Eine Zeit, die die Nerven immens belastet habe: "Es gab manchmal kein Internet, keine Verbindung zu ihr. Es war dann einfach die Hölle, warten zu müssen." Irgendwann sei dann die Nachricht gekommen, es gebe einen Fluchtkorridor. Die Mutter machte sich auf, verließ schließlich das Haus. Und sie hatte Glück. Bekannte waren mit dem Auto auf der Flucht, nahmen sie kurzerhand mit. Quer durch die Ukraine, bis Lemberg, wo eine kurze Pause folgte. Dann weiter über das polnische Kattowitz nach Augsburg.

Von Donauwörth aus die Flucht mitorganisiert

Illyenko hat die Flucht von Donauwörth aus mit organisiert. Sie buchte Hotels, besorgte für die Bekannten der Mutter über die Internetseite der Stadt Augsburg eine Wohnung. Die Mutter selbst fand Unterschlupf in Donauwörth bei ihrer Tochter, "und das ist einfach eine große Erleichterung", wie Illyenko sagt.
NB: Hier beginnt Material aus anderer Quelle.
(* Let $n \ge 3$ be odd, let $f \in S_{1,1}(n)$ and let $g \in S_{0,0}(n)$. Then: (i) $\psi(f) \in S_{0,0}(n)$ if $\sigma_f = 1$, and $\psi(f) \in S_{0,1}(n)$ if $\sigma_f = 0$; (ii) $\psi^{-1}(f) \in S_{0,0}(n)$ if $\sigma_f = 0$, and $\psi^{-1}(f) \in S_{1,0}(n)$ if $\sigma_f = 1$; (iii) $\psi(g) \in S_{1,1}(n)$ if $\sigma_g = 1$, and $\psi(g) \in S_{1,0}(n)$ if $\sigma_g = 0$; (iv) $\psi^{-1}(g) \in S_{1,1}(n)$ if $\sigma_g = 0$, and $\psi^{-1}(g) \in S_{0,1}(n)$ if $\sigma_g = 1$.
   Context: For $n \ge 2$, let $\mathcal{I}_n$ be the set of all irreducible polynomials of degree $n$ in $\mathbb{F}_2[x]$. Every $f \in \mathcal{I}_n$ is monic with constant term $1$; write $f = x^n + f_{n-1}x^{n-1} + \cdots + f_1 x + 1$ with $f_k \in \mathbb{F}_2$. For $i,j \in \mathbb{F}_2$, $S_{i,j}(n)$ denotes the set of $f \in \mathcal{I}_n$ with $f_{n-1} = i$ and $f_1 = j$. Define $\psi : \mathcal{I}_n \to \mathcal{I}_n$ by $\psi(f)(x) = (x+1)^n f\!\left(\frac{1}{x+1}\right)$, with inverse $\psi^{-1}(f)(x) = x^n f\!\left(\frac{x+1}{x}\right)$. The signature of $f \in \mathcal{I}_n$ is $\sigma_f = \sum_{k=2}^{n-2} k f_k \pmod 2 \in \mathbb{F}_2$. *)

From mathcomp Require Import all_boot all_algebra.
Set Implicit Arguments. Unset Strict Implicit. Unset Printing Implicit Defensive.
Import GRing.Theory.
Local Open Scope ring_scope.

Notation F2 := 'F_2.

Definition irredn (n : nat) (f : {poly F2}) : Prop :=
  [/\ irreducible_poly f, size f = n.+1 & f \is monic].

Definition S_ij (i j : F2) (n : nat) (f : {poly F2}) : Prop :=
  irredn n f /\ f`_(n.-1) = i /\ f`_1 = j.

(* psi(f)(x) = (x+1)^n f(1/(x+1)) = sum_k f_k (x+1)^(n-k) *)
Definition psi (n : nat) (f : {poly F2}) : {poly F2} :=
  \sum_(k < n.+1) f`_k *: ('X + 1) ^+ (n - k).

(* psi^{-1}(f)(x) = x^n f((x+1)/x) = sum_k f_k (x+1)^k x^(n-k) *)
Definition psi_inv (n : nat) (f : {poly F2}) : {poly F2} :=
  \sum_(k < n.+1) f`_k *: (('X + 1) ^+ k * 'X ^+ (n - k)).

Definition sigma (n : nat) (f : {poly F2}) : F2 :=
  \sum_(2 <= k < n.-1) f`_k *+ k.

From HB Require Import structures.
From mathcomp Require Import all_boot all_algebra zify.
Import GRing.Theory.
Set Implicit Arguments.
Unset Strict Implicit.
Unset Printing Implicit Defensive.

Local Open Scope ring_scope.

(* With [recip n p = x^n p(1/x)], psi f = (recip n f)(x + 1) and
   psi^-1 f = recip n (f(x + 1)).  An irreducible f of degree n >= 2 has
   f(0) = f(1) = 1, so both maps preserve irreducibility and degree, and over
   F_2 every nonzero polynomial is monic.  Reversal swaps the coefficients of
   x^j and x^(n-j), while the coefficients of x and x^(n-1) in g(x + 1) are
   sum_k k g_k and g_(n-1) + n g_n.  For odd n the weights n-1 and n reduce
   to 0 and 1, so sum_k k f_k = f_1 + sigma_f + 1, and the four coefficients
   of psi f and psi^-1 f become affine expressions in f_1, f_(n-1), sigma_f. *)

Lemma comp_polyE_wide (R : nzRingType) n (p q : {poly R}) : (size p <= n)%N ->
  p \Po q = \sum_(i < n) p`_i *: q ^+ i.
Proof.
move=> sp; rewrite comp_polyE (big_ord_widen n (fun i => p`_i *: q ^+ i)) //.
rewrite big_mkcond; apply: eq_bigr => i _; case: ltnP => // /(nth_default 0) ->.
by rewrite scale0r.
Qed.

Section Reciprocal.
Variable R : comNzRingType.
Implicit Types p q : {poly R}.

Definition recip m p := \poly_(i < m.+1) p`_(m - i).

Lemma coef_recip m p i : (recip m p)`_i = if (i <= m)%N then p`_(m - i) else 0.
Proof. by rewrite coef_poly ltnS. Qed.

Lemma recipZ m c p : recip m (c *: p) = c *: recip m p.
Proof.
by apply/polyP => i; rewrite coefZ !coef_recip coefZ; case: leqP; rewrite ?mulr0.
Qed.

Lemma recipD m p q : recip m (p + q) = recip m p + recip m q.
Proof.
by apply/polyP => i; rewrite coefD !coef_recip coefD; case: leqP; rewrite ?addr0.
Qed.

HB.instance Definition _ m := GRing.isSemilinear.Build R {poly R} {poly R} _
  (recip m) (recipZ m, recipD m).

Lemma recipE m p : recip m p = \sum_(i < m.+1) p`_i *: 'X^(m - i).
Proof.
rewrite /recip poly_def (reindex_inj rev_ord_inj); apply: eq_bigr => i _ /=.
by rewrite subSS subKn // -ltnS.
Qed.

Lemma recipK m p : (size p <= m.+1)%N -> recip m (recip m p) = p.
Proof.
move=> sp; apply/polyP => i; rewrite !coef_recip leq_subr.
case: leqP => [im | mi]; first by rewrite subKn.
by rewrite nth_default // (leq_trans sp).
Qed.

Lemma size_recip m p : p`_0 != 0 -> size (recip m p) = m.+1.
Proof. by move=> p0; rewrite size_poly_eq //= subnn. Qed.

Lemma size_recip_leq m p : (size (recip m p) <= m.+1)%N.
Proof. exact: size_poly. Qed.

Lemma coef0_recip m p : size p = m.+1 -> (recip m p)`_0 = lead_coef p.
Proof. by move=> sp; rewrite coef_recip subn0 lead_coefE sp. Qed.

Lemma recip_XnM a b i q : (i <= a)%N -> (size q <= b.+1)%N ->
  recip (a + b) ('X^i * q) = 'X^(a - i) * recip b q.
Proof.
move=> ia sq; apply/polyP => k; rewrite coef_recip !coefXnM coef_recip.
have q_small j : (b < j)%N -> q`_j = 0 by move=> bj; rewrite nth_default // (leq_trans sq).
case: (ltnP k (a - i)) => [ka | ak].
  by rewrite ifT ?ifF ?q_small //; lia.
case: (leqP (k - (a - i)) b) => kb.
  by rewrite ifT ?ifF; try lia; congr (_`_ _); lia.
by case: ifP => // kab; rewrite ifT //; lia.
Qed.

Lemma recipM a b p q : (size p <= a.+1)%N -> (size q <= b.+1)%N ->
  recip (a + b) (p * q) = recip a p * recip b q.
Proof.
move=> sp sq; rewrite [recip a p]recipE mulr_suml -{1}[p]comp_polyXr.
rewrite (comp_polyE_wide 'X sp) mulr_suml linear_sum; apply: eq_bigr => i _.
by rewrite -!scalerAl linearZ /= recip_XnM // -ltnS.
Qed.

End Reciprocal.

Section Irreducible.
Variable R : fieldType.
Implicit Types p q : {poly R}.

Lemma irredp_recip m p :
  irreducible_poly p -> size p = m.+1 -> p`_0 != 0 -> irreducible_poly (recip m p).
Proof.
move=> irr sp p0; split; first by rewrite size_recip // -sp; case: irr.
move=> q sq_ne1 /dvdpP [r rq].
have recip_nz : recip m p != 0 by rewrite -size_poly_gt0 size_recip.
have r_nz : r != 0 by apply: contraNneq recip_nz => r0; rewrite rq r0 mul0r.
have q_nz : q != 0 by apply: contraNneq recip_nz => q0; rewrite rq q0 mulr0.
have sr : size r = (size r).-1.+1 by rewrite prednK // size_poly_gt0.
have sq : size q = (size q).-1.+1 by rewrite prednK // size_poly_gt0.
set a := (size r).-1 in sr; set b := (size q).-1 in sq.
have m_ab : m = (a + b)%N.
  by have := size_mul r_nz q_nz; rewrite -rq size_recip // sr sq; lia.
have pE : p = recip a r * recip b q.
  by rewrite -recipM ?sr ?sq // -rq -m_ab recipK // sp.
have q0 : q`_0 != 0.
  have : (recip m p)`_0 != 0 by rewrite coef0_recip // lead_coef_eq0 -size_poly_gt0 sp.
  by rewrite rq coef0M; apply: contra => /eqP ->; rewrite mulr0.
have /(irredp_XsubCP irr) [|] : recip b q %| p by rewrite pE dvdp_mulIr.
  by move/eqp_size; rewrite size_recip // size_poly1 => -[b0]; rewrite sq b0 in sq_ne1.
move/eqp_size; rewrite size_recip // sp => -[m_b].
have r_const : r = (r`_0)%:P by apply: size1_polyC; rewrite sr; lia.
have r0 : r`_0 != 0 by apply: contraNneq r_nz => r0; rewrite r_const r0.
by rewrite rq r_const mul_polyC eqp_sym eqp_scale.
Qed.

Lemma irredp_comp_XaddC c p :
  irreducible_poly p -> irreducible_poly (p \Po ('X + c%:P)).
Proof.
have comp_XsubC_K q : (q \Po ('X - c%:P)) \Po ('X + c%:P) = q.
  by have := comp_polyXaddC_K q (- c); rewrite polyCN opprK.
move=> irr; split; first by rewrite size_comp_poly2 ?size_XaddC; case: irr.
move=> q sq dvd_qp.
have : q \Po ('X - c%:P) %= p.
  apply: irr; first by rewrite size_comp_poly2 ?size_XsubC.
  by rewrite -[p](comp_polyXaddC_K _ c) dvdp_comp_poly.
by case/andP => qp pq; rewrite /eqp -[q]comp_XsubC_K !dvdp_comp_poly.
Qed.

Lemma irredp_rootN p x : irreducible_poly p -> (2 < size p)%N -> ~~ root p x.
Proof.
move=> irr sp; apply/negP; rewrite root_factor_theorem => dvd_Xx.
have /irr/(_ dvd_Xx)/eqp_size : size ('X - x%:P) != 1 by rewrite size_XsubC.
by rewrite size_XsubC => s2; rewrite -s2 in sp.
Qed.

End Irreducible.

Section TranslateByOne.
Variable R : comNzRingType.
Implicit Types p : {poly R}.

Lemma XaddC1_expE k : ('X + 1 : {poly R}) ^+ k = \poly_(i < k.+1) 'C(k, i)%:R.
Proof.
rewrite exprD1n poly_def; apply: eq_bigr => i _.
by rewrite (scaler_nat (R := R)).
Qed.

Lemma coef_XaddC1_exp k j : (('X + 1 : {poly R}) ^+ k)`_j = 'C(k, j)%:R.
Proof. by rewrite XaddC1_expE coef_poly; case: ltnP => // /bin_small ->. Qed.

Lemma recip_XaddC1_exp n k : (k <= n)%N ->
  recip n (('X + 1 : {poly R}) ^+ k) = ('X + 1) ^+ k * 'X^(n - k).
Proof.
have palindromic : recip k (('X + 1 : {poly R}) ^+ k) = ('X + 1) ^+ k.
  apply/polyP => j; rewrite coef_recip !coef_XaddC1_exp.
  by case: leqP => [/bin_sub -> // | /bin_small ->].
have size_exp : (size (('X + 1 : {poly R}) ^+ k) <= k.+1)%N.
  by rewrite XaddC1_expE size_poly.
move=> kn; have := recip_XnM (leq0n (n - k)) size_exp.
by rewrite subnK // mul1r subn0 palindromic mulrC.
Qed.

Lemma coef_comp_XaddC1 n p j : (size p <= n.+1)%N ->
  (p \Po ('X + 1))`_j = \sum_(k < n.+1) p`_k *+ 'C(k, j).
Proof.
move=> sp; rewrite (comp_polyE_wide _ sp) coef_sum; apply: eq_bigr => k _.
by rewrite coefZ coef_XaddC1_exp mulr_natr.
Qed.

Lemma coef_comp_XaddC1_pred n p : (size p <= n.+1)%N ->
  (p \Po ('X + 1))`_n.-1 = p`_n.-1 + p`_n *+ n.
Proof.
case: n => [|n] sp; rewrite (coef_comp_XaddC1 _ sp).
  by rewrite big_ord1 bin0 mulr0n addr0.
rewrite !big_ord_recr /= big1 => [|k _]; last by rewrite bin_small ?mulr0n.
by rewrite binn binSn add0r.
Qed.

End TranslateByOne.

Lemma mulrn_pchar2 (R : nzRingType) (x : R) m : 2 \in [pchar R] -> x *+ m = x *+ odd m.
Proof.
move=> pchar2; rewrite -{1}(odd_double_half m) mulrnDr -muln2 mulrnA.
by rewrite (mulrn_pchar pchar2) addr0.
Qed.

Lemma pchar_F2 : 2 \in [pchar 'F_2].
Proof. exact: pchar_Fp. Qed.

Lemma F2_neq0 (x : 'F_2) : x != 0 -> x = 1.
Proof. by case: x => -[|[|//]] ? //= _; apply/val_inj. Qed.

Lemma monic_F2 (p : {poly 'F_2}) : p != 0 -> p \is monic.
Proof. by move=> p_nz; apply/monicP/F2_neq0; rewrite lead_coef_eq0. Qed.

Implicit Types f : {poly 'F_2}.

Lemma psiE n f : psi n f = recip n f \Po ('X + 1).
Proof.
rewrite recipE linear_sum; apply: eq_bigr => k _.
by rewrite linearZ /= rmorphXn /= comp_polyX.
Qed.

Lemma psi_invE n f : (size f <= n.+1)%N -> psi_inv n f = recip n (f \Po ('X + 1)).
Proof.
move=> sf; rewrite (comp_polyE_wide _ sf) linear_sum; apply: eq_bigr => k _.
by rewrite linearZ /= recip_XaddC1_exp // -ltnS.
Qed.

Lemma irredn_horner n f x : (1 < n)%N -> irredn n f -> f.[x] = 1.
Proof.
move=> n_gt1 [irr sf _]; apply: F2_neq0.
by have := irredp_rootN x irr; rewrite sf ltnS; apply.
Qed.

Lemma irredn_psi n f : (1 < n)%N -> irredn n f -> irredn n (psi n f).
Proof.
move=> n_gt1 irr_f; have f0 : f`_0 != 0.
  by rewrite -horner_coef0 (irredn_horner 0 n_gt1 irr_f) oner_neq0.
case: irr_f => irr sf _.
have size_psi : size (psi n f) = n.+1.
  by rewrite psiE size_comp_poly2 ?size_recip // -polyC1 size_XaddC.
split=> //; last by rewrite monic_F2 // -size_poly_gt0 size_psi.
by rewrite psiE -polyC1; apply/irredp_comp_XaddC/irredp_recip.
Qed.

Lemma irredn_psi_inv n f : (1 < n)%N -> irredn n f -> irredn n (psi_inv n f).
Proof.
move=> n_gt1 irr_f; have f1 : (f \Po ('X + 1))`_0 != 0.
  by rewrite -horner_coef0 horner_comp !hornerE (irredn_horner _ n_gt1 irr_f) oner_neq0.
case: irr_f => irr sf _.
have size_comp : size (f \Po ('X + 1)) = n.+1.
  by rewrite size_comp_poly2 // -polyC1 size_XaddC.
have size_psi_inv : size (psi_inv n f) = n.+1.
  by rewrite psi_invE ?sf // size_recip.
split=> //; last by rewrite monic_F2 // -size_poly_gt0 size_psi_inv.
rewrite psi_invE ?sf //; apply: irredp_recip => //.
by rewrite -polyC1; apply: irredp_comp_XaddC.
Qed.

Lemma sum_coefMn n f : (3 <= n)%N -> odd n -> f`_n = 1 ->
  \sum_(k < n.+1) f`_k *+ k = f`_1 + sigma n f + 1.
Proof.
case: n => [|[|[|m]]] // _ odd_n fn; rewrite oddS in odd_n.
rewrite -(big_mkord xpredT (fun k => f`_k *+ k)) /sigma /=.
rewrite big_ltn // big_ltn // big_nat_recr // big_nat_recr //= fn.
rewrite mulr0n add0r mulr1n (mulrn_pchar2 _ m.+2 pchar_F2) (negPf odd_n).
by rewrite (mulrn_pchar2 _ m.+3 pchar_F2) oddS odd_n addr0 addrA.
Qed.

Section PsiCoefficients.
Variables (n : nat) (f : {poly 'F_2}).
Hypotheses (n_ge3 : (3 <= n)%N) (odd_n : odd n) (irr_f : irredn n f).

Let n_gt1 : (1 < n)%N := ltnW n_ge3.

Let n_sub_pred : (n - n.-1 = 1)%N. Proof. by lia. Qed.

Let size_f : size f = n.+1. Proof. by case: irr_f. Qed.

Let coef_top : f`_n = 1.
Proof. by case: irr_f => _ sf /monicP; rewrite lead_coefE sf. Qed.

Let coef0 : f`_0 = 1.
Proof. by rewrite -horner_coef0 (irredn_horner 0 n_gt1 irr_f). Qed.

Let sum_coef : \sum_(k < n.+1) f`_k = 1.
Proof.
rewrite -(irredn_horner 1 n_gt1 irr_f) (horner_coef_wide 1 (eq_leq size_f)).
by apply: eq_bigr => k _; rewrite expr1n mulr1.
Qed.

Let mulrn_n (x : 'F_2) : x *+ n = x.
Proof. by rewrite (mulrn_pchar2 _ _ pchar_F2) odd_n. Qed.

Lemma coef_psi_pred : (psi n f)`_n.-1 = f`_1 + 1.
Proof.
rewrite psiE coef_comp_XaddC1_pred ?size_recip_leq // !coef_recip leq_pred leqnn.
by rewrite subnn n_sub_pred coef0 mulrn_n.
Qed.

Lemma coef_psi1 : (psi n f)`_1 = f`_1 + sigma n f.
Proof.
rewrite psiE (coef_comp_XaddC1 _ (size_recip_leq _ _)).
under eq_bigr => k _ do rewrite bin1 coef_recip -ltnS ltn_ord.
rewrite (reindex_inj rev_ord_inj) /=.
under eq_bigr => k _.
  rewrite subSS subKn ?leq_ord // mulrnBr ?leq_ord // mulrn_n (GRing.subr_pchar2 pchar_F2).
  over.
rewrite big_split /= sum_coefMn // sum_coef.
by rewrite addrC -addrA (addrr_pchar2 pchar_F2) addr0.
Qed.

Lemma coef_psi_inv_pred : (psi_inv n f)`_n.-1 = f`_1 + sigma n f + 1.
Proof.
rewrite psi_invE ?size_f // coef_recip leq_pred n_sub_pred.
rewrite (coef_comp_XaddC1 _ (eq_leq size_f)).
under eq_bigr => k _ do rewrite bin1.
exact: sum_coefMn.
Qed.

Lemma coef_psi_inv1 : (psi_inv n f)`_1 = f`_n.-1 + 1.
Proof.
rewrite psi_invE ?size_f // coef_recip ltnW // subn1.
by rewrite coef_comp_XaddC1_pred ?size_f // coef_top mulrn_n.
Qed.

End PsiCoefficients.

Theorem lemma1 (n : nat) (f g : {poly 'F_2}) :
  (3 <= n)%N -> odd n -> S_ij 1 1 n f -> S_ij 0 0 n g ->
  [/\ (sigma n f = 1 -> S_ij 0 0 n (psi n f)) /\
      (sigma n f = 0 -> S_ij 0 1 n (psi n f)),
      (sigma n f = 0 -> S_ij 0 0 n (psi_inv n f)) /\
      (sigma n f = 1 -> S_ij 1 0 n (psi_inv n f)),
      (sigma n g = 1 -> S_ij 1 1 n (psi n g)) /\
      (sigma n g = 0 -> S_ij 1 0 n (psi n g)) &
      (sigma n g = 0 -> S_ij 1 1 n (psi_inv n g)) /\
      (sigma n g = 1 -> S_ij 0 1 n (psi_inv n g))].
Proof.
move=> n_ge3 odd_n [irr_f [f_top f_1]] [irr_g [g_top g_1]].
have n_gt1 : (1 < n)%N := ltnW n_ge3.
have [Pf Qf] := (irredn_psi n_gt1 irr_f, irredn_psi_inv n_gt1 irr_f).
have [Pg Qg] := (irredn_psi n_gt1 irr_g, irredn_psi_inv n_gt1 irr_g).
rewrite /S_ij !(coef_psi_pred n_ge3 odd_n, coef_psi1 n_ge3 odd_n) //.
rewrite !(coef_psi_inv_pred n_ge3 odd_n, coef_psi_inv1 n_ge3 odd_n) //.
rewrite f_top f_1 g_top g_1.
by split; split=> ->; rewrite ?(addr0, add0r, addrr_pchar2 pchar_F2).
Qed.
Angesprochen auf das Thema "Integration", das derzeit viele in der Politik beschäftigt, sagt die Kulturmanagerin, die aktuell an der Uni Augsburg promoviert, das sei wohl erst der zweite Schritt. Die meisten Ukrainerinnen und Ukrainer hofften dieser Tage, bald schon wieder in ihr Heimatland zurückzugehen. Auch Lubava Illyenkos Mutter will zurück: "Dort ist ihre Kirche, dort ist das Grab meines Papas." Doch wann es Frieden geben wird, der eine Rückkehr ermöglicht, das weiß derzeit noch niemand.